# Task directions
Repeat the records below exactly, beginning at the first line and finishing with the line that contains "destruct (rpow_one_minus_near_1 a".

** Study material follows **

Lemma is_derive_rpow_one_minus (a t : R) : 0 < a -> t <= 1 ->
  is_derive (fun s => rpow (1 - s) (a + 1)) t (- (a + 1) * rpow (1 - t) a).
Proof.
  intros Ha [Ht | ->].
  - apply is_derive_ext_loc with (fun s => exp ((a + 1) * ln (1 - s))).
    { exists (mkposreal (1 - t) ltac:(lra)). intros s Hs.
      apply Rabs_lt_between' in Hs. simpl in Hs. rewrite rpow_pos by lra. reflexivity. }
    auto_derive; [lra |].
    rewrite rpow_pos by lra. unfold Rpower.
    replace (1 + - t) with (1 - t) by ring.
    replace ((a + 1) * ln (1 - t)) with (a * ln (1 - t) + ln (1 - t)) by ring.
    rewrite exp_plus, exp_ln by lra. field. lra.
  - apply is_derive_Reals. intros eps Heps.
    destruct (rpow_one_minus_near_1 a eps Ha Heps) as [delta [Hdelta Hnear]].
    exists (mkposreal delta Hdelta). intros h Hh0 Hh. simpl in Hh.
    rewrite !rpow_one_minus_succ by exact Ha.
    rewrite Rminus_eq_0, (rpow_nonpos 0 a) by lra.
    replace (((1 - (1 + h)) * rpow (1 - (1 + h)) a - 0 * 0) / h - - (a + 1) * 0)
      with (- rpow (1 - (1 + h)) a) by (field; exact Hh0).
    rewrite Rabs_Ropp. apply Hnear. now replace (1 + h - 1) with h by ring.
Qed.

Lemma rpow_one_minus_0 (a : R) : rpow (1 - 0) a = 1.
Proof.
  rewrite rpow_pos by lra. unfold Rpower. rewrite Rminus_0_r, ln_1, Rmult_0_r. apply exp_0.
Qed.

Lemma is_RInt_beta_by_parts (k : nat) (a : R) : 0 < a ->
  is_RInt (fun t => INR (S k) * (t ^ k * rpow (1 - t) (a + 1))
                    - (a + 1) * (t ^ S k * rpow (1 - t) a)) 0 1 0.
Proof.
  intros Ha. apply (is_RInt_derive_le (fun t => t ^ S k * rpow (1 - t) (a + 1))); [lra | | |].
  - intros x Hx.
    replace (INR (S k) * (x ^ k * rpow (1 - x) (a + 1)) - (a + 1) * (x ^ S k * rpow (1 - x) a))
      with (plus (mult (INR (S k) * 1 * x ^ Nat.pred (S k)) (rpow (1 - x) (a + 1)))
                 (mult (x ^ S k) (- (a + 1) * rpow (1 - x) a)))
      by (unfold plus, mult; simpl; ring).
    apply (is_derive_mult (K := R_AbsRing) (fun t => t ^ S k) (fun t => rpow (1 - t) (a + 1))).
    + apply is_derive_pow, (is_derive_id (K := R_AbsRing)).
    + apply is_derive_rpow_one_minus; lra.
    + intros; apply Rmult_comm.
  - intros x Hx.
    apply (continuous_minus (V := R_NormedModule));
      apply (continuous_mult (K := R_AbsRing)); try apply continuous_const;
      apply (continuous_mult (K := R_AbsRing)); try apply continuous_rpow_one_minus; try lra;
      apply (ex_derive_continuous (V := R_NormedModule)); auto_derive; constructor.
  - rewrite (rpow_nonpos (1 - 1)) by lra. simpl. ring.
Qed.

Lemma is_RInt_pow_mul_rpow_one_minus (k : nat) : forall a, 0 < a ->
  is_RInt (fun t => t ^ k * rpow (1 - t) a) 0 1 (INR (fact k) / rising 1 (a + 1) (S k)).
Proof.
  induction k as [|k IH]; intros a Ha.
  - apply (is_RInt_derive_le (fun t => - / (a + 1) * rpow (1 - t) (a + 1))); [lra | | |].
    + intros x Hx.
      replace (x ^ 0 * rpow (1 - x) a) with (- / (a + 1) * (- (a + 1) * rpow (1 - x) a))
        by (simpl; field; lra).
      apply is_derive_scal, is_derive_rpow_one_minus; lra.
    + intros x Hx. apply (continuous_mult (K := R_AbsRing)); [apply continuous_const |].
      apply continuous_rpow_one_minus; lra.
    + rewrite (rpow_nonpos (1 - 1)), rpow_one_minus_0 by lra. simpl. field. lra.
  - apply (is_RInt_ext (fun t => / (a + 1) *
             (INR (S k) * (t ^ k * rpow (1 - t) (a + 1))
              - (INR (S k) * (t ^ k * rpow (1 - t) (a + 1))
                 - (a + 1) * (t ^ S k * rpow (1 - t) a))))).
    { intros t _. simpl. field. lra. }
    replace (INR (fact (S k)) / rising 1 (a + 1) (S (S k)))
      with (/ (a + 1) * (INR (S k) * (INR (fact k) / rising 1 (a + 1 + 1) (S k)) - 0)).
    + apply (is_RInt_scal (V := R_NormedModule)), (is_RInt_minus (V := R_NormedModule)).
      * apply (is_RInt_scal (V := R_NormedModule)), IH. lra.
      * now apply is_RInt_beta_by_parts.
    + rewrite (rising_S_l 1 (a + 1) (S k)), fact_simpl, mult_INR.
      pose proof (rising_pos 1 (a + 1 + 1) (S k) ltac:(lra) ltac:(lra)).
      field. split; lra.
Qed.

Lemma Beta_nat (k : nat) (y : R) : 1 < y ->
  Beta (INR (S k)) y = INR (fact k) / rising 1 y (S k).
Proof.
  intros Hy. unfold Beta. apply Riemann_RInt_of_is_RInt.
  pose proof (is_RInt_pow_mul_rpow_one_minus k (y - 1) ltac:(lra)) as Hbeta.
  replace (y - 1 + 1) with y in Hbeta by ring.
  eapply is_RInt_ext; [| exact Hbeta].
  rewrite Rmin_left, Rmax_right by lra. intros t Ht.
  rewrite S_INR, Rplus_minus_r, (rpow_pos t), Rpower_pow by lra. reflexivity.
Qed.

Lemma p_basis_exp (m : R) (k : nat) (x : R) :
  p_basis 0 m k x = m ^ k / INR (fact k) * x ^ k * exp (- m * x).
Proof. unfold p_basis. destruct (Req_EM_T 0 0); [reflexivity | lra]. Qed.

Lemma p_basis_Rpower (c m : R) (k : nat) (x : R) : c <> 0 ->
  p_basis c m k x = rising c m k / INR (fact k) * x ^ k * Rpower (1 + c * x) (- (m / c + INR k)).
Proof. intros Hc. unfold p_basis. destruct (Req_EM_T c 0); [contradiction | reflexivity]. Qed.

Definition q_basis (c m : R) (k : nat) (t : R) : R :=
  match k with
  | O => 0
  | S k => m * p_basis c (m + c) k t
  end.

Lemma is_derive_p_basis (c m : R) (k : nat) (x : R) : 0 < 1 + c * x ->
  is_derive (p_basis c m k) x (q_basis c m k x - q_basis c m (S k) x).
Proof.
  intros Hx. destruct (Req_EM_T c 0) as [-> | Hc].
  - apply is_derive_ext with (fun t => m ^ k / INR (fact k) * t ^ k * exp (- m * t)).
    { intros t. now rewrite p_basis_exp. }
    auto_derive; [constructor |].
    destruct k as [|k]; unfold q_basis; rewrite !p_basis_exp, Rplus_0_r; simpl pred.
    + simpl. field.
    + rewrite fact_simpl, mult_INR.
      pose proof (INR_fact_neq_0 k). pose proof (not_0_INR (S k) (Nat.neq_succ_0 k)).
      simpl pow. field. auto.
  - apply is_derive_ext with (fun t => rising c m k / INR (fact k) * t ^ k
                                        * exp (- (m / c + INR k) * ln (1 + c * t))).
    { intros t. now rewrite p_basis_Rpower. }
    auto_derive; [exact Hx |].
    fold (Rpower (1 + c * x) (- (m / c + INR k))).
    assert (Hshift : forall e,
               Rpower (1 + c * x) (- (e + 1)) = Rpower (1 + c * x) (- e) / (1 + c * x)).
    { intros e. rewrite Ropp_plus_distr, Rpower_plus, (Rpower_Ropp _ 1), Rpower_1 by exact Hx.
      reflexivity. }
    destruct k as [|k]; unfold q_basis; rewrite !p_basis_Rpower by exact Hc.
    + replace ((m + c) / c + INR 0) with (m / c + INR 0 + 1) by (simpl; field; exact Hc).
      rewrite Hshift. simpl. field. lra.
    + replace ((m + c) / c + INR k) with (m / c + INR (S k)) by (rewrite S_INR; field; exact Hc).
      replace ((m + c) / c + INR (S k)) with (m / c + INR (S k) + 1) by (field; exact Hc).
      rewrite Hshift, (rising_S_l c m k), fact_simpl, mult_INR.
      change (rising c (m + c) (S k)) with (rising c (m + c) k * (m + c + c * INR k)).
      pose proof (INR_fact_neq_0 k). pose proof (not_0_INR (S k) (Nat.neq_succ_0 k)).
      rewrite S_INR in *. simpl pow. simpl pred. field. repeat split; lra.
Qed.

** End of Study material **

# Task solution
Lemma is_derive_rpow_one_minus (a t : R) : 0 < a -> t <= 1 ->
  is_derive (fun s => rpow (1 - s) (a + 1)) t (- (a + 1) * rpow (1 - t) a).
Proof.
  intros Ha [Ht | ->].
  - apply is_derive_ext_loc with (fun s => exp ((a + 1) * ln (1 - s))).
    { exists (mkposreal (1 - t) ltac:(lra)). intros s Hs.
      apply Rabs_lt_between' in Hs. simpl in Hs. rewrite rpow_pos by lra. reflexivity. }
    auto_derive; [lra |].
    rewrite rpow_pos by lra. unfold Rpower.
    replace (1 + - t) with (1 - t) by ring.
    replace ((a + 1) * ln (1 - t)) with (a * ln (1 - t) + ln (1 - t)) by ring.
    rewrite exp_plus, exp_ln by lra. field. lra.
  - apply is_derive_Reals. intros eps Heps.
    destruct (rpow_one_minus_near_1 a eps Ha Heps) as [delta [Hdelta Hnear]].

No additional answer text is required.